From the records below, copy each line in which the string "split" occurs.

Stored data:
◇ ◇ ◇ ◇
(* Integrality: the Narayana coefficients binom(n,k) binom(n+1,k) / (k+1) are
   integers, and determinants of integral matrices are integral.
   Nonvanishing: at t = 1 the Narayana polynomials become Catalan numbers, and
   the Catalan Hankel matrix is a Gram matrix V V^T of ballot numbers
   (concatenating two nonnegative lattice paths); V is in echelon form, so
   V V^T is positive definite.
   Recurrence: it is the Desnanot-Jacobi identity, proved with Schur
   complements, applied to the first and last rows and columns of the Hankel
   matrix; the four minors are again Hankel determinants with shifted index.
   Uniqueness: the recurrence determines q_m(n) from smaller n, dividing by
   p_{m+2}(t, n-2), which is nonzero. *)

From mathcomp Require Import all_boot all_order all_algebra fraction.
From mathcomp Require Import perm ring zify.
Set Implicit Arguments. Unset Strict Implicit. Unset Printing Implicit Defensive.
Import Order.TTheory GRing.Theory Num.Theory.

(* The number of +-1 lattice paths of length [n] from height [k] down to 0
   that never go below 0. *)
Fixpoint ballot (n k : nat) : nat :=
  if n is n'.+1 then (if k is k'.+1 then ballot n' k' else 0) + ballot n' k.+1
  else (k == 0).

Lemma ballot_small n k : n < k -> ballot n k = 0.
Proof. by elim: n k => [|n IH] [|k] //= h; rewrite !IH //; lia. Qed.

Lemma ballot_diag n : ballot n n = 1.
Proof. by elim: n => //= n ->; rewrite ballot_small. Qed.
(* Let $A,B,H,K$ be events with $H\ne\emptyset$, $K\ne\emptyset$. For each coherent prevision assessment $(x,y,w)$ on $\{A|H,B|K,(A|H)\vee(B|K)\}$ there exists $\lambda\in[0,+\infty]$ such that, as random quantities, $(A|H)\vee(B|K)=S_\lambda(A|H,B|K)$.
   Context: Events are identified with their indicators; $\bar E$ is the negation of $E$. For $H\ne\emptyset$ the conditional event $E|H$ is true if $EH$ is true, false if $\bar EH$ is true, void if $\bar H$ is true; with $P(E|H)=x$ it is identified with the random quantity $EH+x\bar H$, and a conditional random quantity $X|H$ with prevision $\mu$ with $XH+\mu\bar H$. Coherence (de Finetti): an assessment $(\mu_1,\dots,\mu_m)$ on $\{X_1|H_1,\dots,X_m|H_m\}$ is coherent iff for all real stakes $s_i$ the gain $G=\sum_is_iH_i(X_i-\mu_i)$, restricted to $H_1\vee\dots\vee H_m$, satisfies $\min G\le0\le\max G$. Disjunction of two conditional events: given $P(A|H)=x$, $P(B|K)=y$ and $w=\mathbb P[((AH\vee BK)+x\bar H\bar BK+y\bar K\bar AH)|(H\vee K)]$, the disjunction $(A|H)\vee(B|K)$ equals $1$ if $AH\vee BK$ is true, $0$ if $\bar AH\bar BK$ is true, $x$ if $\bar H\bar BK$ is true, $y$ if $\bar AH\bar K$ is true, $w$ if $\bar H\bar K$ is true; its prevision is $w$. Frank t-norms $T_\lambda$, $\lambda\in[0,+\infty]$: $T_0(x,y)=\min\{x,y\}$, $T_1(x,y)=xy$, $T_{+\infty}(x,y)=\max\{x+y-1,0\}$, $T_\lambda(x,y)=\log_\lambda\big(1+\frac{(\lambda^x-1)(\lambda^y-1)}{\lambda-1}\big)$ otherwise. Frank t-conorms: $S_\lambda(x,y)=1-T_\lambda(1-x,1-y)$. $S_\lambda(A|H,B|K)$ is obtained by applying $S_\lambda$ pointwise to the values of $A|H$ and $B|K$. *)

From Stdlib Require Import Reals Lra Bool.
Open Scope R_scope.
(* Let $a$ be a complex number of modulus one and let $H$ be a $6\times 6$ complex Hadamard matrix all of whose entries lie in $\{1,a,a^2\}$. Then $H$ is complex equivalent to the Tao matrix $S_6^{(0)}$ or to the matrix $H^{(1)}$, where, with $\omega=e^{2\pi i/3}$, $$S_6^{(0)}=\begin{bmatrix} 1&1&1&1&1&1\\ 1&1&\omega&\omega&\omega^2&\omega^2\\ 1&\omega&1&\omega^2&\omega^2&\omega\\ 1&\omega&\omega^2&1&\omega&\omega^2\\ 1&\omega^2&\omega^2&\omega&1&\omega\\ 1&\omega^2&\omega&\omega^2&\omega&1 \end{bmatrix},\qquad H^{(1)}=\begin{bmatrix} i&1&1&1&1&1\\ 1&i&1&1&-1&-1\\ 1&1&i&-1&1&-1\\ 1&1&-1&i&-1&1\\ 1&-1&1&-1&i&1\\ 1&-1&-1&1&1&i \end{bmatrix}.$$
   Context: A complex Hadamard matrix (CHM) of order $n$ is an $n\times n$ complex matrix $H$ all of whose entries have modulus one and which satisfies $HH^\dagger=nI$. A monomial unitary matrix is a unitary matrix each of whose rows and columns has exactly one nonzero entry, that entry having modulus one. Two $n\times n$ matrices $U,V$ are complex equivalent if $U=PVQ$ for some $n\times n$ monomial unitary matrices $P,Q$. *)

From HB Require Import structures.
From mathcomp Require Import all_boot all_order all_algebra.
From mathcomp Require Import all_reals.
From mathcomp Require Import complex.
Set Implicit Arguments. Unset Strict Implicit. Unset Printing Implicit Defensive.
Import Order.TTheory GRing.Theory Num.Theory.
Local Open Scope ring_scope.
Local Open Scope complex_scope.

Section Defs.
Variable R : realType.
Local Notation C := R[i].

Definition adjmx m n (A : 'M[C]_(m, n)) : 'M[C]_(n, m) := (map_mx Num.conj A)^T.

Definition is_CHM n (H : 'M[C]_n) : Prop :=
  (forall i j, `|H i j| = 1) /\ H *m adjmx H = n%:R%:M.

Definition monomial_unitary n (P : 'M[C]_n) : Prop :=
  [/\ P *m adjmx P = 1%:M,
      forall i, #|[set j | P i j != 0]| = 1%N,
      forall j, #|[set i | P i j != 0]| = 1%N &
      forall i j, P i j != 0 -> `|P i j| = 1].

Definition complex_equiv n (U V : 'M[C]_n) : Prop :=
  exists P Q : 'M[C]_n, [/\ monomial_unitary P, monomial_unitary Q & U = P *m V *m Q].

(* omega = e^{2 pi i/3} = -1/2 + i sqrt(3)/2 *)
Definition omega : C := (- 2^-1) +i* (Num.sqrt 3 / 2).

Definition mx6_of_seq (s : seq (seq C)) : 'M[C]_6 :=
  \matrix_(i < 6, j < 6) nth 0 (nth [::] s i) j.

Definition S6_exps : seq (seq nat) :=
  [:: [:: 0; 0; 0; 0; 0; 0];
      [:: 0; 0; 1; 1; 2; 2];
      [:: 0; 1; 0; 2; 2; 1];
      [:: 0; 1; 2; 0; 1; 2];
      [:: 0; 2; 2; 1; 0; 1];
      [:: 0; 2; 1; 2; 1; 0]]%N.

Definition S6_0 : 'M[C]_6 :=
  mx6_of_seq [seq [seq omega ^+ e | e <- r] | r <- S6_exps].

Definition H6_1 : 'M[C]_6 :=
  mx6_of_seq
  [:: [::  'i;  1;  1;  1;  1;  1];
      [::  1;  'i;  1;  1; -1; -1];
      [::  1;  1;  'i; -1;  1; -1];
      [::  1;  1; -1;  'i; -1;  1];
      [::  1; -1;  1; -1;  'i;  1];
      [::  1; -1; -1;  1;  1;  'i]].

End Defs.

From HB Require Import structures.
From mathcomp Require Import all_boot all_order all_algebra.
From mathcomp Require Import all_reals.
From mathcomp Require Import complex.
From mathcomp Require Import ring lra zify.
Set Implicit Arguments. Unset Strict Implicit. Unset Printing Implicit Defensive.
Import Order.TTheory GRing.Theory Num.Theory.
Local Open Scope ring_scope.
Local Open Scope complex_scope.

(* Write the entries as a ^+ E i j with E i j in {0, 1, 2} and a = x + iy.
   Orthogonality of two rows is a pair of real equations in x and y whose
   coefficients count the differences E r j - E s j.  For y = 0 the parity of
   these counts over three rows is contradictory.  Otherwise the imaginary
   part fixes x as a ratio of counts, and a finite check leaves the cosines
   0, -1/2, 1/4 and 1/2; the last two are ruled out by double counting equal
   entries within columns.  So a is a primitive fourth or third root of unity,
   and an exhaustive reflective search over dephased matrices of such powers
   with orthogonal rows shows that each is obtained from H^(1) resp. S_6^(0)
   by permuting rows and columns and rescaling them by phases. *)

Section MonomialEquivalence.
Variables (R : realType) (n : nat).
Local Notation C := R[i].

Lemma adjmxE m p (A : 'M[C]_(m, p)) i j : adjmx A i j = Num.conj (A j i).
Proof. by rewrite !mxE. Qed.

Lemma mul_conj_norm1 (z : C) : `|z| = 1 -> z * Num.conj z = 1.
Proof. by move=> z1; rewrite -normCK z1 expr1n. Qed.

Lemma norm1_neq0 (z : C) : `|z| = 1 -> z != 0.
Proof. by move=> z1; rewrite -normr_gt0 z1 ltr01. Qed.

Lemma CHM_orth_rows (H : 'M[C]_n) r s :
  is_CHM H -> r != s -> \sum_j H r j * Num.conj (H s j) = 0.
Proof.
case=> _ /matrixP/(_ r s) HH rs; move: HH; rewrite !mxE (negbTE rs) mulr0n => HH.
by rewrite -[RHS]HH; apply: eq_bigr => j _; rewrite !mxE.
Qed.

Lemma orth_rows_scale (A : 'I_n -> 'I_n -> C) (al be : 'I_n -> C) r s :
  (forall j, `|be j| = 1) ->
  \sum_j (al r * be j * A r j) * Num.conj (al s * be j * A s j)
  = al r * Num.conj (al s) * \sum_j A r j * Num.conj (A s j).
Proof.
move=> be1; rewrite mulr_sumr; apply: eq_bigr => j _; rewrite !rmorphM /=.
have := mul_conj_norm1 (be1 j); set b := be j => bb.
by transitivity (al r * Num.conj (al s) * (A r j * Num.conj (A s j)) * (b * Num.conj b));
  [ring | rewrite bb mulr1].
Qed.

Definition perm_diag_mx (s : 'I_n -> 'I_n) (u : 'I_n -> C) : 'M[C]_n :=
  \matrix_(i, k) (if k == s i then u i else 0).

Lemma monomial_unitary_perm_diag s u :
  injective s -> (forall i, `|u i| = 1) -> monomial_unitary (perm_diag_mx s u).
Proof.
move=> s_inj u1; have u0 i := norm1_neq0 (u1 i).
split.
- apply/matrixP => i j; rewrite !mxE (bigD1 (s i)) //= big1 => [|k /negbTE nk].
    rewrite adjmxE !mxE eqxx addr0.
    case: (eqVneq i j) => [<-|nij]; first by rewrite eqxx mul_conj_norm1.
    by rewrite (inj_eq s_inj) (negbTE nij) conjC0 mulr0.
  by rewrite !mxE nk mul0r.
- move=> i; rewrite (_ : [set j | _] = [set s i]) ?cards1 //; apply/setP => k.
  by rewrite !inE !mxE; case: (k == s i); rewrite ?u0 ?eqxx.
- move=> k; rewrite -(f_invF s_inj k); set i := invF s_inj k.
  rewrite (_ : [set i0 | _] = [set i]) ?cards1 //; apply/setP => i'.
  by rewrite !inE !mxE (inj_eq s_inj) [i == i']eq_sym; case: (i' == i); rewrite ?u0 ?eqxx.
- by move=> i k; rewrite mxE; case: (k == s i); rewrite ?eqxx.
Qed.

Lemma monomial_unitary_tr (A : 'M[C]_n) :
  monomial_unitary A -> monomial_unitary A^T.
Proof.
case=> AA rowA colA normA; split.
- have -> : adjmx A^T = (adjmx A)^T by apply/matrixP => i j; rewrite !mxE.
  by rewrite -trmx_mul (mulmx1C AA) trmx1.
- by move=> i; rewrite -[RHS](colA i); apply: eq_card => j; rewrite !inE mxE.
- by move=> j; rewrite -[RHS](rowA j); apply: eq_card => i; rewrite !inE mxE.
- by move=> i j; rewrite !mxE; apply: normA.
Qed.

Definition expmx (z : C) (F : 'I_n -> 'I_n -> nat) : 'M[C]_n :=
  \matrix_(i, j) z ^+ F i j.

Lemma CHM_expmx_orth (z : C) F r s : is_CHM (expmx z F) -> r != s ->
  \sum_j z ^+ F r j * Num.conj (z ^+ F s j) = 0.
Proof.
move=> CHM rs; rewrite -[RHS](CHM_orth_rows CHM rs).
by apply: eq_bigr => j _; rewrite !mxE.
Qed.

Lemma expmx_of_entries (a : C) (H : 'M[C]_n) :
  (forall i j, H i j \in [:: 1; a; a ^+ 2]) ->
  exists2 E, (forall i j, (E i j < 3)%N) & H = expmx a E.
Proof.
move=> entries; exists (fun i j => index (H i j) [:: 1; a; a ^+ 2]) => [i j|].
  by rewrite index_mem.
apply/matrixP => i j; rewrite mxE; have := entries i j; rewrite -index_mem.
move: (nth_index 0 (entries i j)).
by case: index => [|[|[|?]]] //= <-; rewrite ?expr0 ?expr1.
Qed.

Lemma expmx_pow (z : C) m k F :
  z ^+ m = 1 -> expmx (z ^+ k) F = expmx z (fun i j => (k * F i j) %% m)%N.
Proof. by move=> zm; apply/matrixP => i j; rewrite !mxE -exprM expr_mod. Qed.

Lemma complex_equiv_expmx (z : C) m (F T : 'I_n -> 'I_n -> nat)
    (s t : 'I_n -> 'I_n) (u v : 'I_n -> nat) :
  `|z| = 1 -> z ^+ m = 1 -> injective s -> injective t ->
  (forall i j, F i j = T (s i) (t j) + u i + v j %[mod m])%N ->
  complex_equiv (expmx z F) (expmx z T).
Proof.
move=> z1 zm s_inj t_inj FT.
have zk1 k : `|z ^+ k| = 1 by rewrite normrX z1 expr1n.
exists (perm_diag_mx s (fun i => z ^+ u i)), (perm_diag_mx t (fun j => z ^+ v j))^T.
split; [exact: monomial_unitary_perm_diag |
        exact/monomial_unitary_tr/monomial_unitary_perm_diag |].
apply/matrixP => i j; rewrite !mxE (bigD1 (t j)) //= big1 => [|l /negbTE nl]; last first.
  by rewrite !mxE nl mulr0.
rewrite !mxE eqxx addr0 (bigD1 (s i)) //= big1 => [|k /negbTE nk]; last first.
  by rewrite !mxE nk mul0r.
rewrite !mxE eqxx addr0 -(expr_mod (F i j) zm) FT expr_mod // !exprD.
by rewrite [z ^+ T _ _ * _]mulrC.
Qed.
◇ ◇ ◇ ◇
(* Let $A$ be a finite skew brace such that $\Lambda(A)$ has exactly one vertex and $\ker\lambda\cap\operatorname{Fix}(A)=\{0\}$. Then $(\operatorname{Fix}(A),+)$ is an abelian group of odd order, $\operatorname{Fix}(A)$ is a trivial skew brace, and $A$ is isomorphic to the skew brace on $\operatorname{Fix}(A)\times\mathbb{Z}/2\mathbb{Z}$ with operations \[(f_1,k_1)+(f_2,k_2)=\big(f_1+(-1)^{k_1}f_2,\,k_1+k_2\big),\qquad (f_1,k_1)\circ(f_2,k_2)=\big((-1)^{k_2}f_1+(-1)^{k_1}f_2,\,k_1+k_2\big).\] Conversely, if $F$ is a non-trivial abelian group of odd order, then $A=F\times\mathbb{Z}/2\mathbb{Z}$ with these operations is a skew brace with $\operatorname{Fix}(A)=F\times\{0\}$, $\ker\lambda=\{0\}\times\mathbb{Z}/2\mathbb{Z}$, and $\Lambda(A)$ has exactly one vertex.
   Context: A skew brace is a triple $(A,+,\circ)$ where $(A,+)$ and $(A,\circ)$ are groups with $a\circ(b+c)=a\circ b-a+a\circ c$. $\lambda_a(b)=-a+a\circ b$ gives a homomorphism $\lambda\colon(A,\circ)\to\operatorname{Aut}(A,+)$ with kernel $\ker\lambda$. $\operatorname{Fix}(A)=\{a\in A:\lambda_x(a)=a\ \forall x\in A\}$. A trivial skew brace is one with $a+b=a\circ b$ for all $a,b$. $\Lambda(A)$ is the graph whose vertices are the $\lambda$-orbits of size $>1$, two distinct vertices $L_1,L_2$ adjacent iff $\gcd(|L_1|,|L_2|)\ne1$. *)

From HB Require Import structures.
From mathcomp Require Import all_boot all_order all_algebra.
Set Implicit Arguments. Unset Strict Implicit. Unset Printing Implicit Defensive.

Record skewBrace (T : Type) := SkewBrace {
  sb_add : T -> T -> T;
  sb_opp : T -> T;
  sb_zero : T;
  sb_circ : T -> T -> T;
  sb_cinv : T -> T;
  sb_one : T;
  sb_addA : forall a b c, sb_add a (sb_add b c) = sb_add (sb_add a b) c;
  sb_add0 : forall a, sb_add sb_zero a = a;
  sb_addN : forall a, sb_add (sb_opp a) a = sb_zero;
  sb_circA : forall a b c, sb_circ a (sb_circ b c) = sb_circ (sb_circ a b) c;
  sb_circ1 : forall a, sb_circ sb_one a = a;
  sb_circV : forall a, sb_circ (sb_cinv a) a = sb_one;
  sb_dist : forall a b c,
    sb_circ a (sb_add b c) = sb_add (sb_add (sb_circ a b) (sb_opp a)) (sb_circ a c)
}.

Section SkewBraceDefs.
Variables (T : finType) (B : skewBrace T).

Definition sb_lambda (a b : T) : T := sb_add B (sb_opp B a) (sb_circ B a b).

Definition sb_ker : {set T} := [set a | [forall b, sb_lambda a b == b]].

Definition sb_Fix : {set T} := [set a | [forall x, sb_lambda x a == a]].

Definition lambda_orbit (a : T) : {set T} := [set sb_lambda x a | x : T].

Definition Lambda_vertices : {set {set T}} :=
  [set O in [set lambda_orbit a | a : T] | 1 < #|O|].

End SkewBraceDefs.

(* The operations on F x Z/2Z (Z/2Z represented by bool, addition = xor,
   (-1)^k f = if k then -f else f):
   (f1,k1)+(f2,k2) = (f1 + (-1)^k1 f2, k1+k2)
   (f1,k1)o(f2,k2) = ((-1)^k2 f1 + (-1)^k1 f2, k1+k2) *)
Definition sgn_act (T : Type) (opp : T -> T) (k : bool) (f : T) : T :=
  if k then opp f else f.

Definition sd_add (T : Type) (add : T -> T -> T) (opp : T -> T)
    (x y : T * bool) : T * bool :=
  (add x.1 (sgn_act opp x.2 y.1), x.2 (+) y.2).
◇ ◇ ◇ ◇
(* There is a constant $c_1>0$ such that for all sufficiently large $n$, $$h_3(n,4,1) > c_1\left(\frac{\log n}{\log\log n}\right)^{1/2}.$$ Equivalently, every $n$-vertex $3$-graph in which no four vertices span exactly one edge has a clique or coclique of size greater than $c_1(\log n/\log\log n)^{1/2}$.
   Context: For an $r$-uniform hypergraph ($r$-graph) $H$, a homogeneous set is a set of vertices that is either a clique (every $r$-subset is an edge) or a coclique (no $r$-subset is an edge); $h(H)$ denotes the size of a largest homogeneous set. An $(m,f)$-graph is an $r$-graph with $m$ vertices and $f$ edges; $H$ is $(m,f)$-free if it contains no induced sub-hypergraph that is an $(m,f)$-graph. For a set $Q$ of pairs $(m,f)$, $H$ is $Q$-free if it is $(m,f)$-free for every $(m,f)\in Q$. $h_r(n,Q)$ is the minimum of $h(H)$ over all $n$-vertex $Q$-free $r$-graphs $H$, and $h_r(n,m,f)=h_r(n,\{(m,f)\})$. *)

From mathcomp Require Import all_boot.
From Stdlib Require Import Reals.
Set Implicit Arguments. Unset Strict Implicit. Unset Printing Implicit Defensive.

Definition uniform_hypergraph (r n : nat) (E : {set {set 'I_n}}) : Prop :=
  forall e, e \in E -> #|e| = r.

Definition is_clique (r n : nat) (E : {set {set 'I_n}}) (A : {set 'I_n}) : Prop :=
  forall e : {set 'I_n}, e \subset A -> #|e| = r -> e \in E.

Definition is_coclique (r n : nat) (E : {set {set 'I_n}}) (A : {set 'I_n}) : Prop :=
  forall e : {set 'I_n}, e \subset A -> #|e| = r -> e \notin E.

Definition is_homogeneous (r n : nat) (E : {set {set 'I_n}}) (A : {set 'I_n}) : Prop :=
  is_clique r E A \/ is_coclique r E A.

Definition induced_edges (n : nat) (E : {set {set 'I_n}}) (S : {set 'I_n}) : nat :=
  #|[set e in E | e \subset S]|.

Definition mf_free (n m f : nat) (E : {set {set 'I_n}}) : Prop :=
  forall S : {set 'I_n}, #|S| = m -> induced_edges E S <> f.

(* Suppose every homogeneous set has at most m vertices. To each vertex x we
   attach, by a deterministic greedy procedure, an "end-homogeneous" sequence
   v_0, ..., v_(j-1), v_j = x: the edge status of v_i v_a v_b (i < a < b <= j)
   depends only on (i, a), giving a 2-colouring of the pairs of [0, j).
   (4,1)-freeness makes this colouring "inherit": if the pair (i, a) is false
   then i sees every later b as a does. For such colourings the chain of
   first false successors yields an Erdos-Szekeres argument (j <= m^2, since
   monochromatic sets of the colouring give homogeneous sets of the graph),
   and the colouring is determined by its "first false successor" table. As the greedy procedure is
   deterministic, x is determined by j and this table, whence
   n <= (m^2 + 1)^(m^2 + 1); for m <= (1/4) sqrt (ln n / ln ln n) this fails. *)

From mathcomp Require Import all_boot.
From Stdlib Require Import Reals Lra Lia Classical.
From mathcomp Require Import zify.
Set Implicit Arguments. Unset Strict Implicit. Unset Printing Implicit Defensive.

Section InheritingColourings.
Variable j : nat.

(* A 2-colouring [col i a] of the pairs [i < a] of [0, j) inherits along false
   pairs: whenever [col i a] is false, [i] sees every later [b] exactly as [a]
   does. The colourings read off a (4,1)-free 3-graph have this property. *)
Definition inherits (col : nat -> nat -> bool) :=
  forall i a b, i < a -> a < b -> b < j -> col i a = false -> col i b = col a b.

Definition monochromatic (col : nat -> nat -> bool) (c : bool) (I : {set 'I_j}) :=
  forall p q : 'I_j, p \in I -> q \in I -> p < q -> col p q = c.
◇ ◇ ◇ ◇
Output for this exercise >>
split.
case=> AA rowA colA normA; split.
split; [exact: monomial_unitary_perm_diag |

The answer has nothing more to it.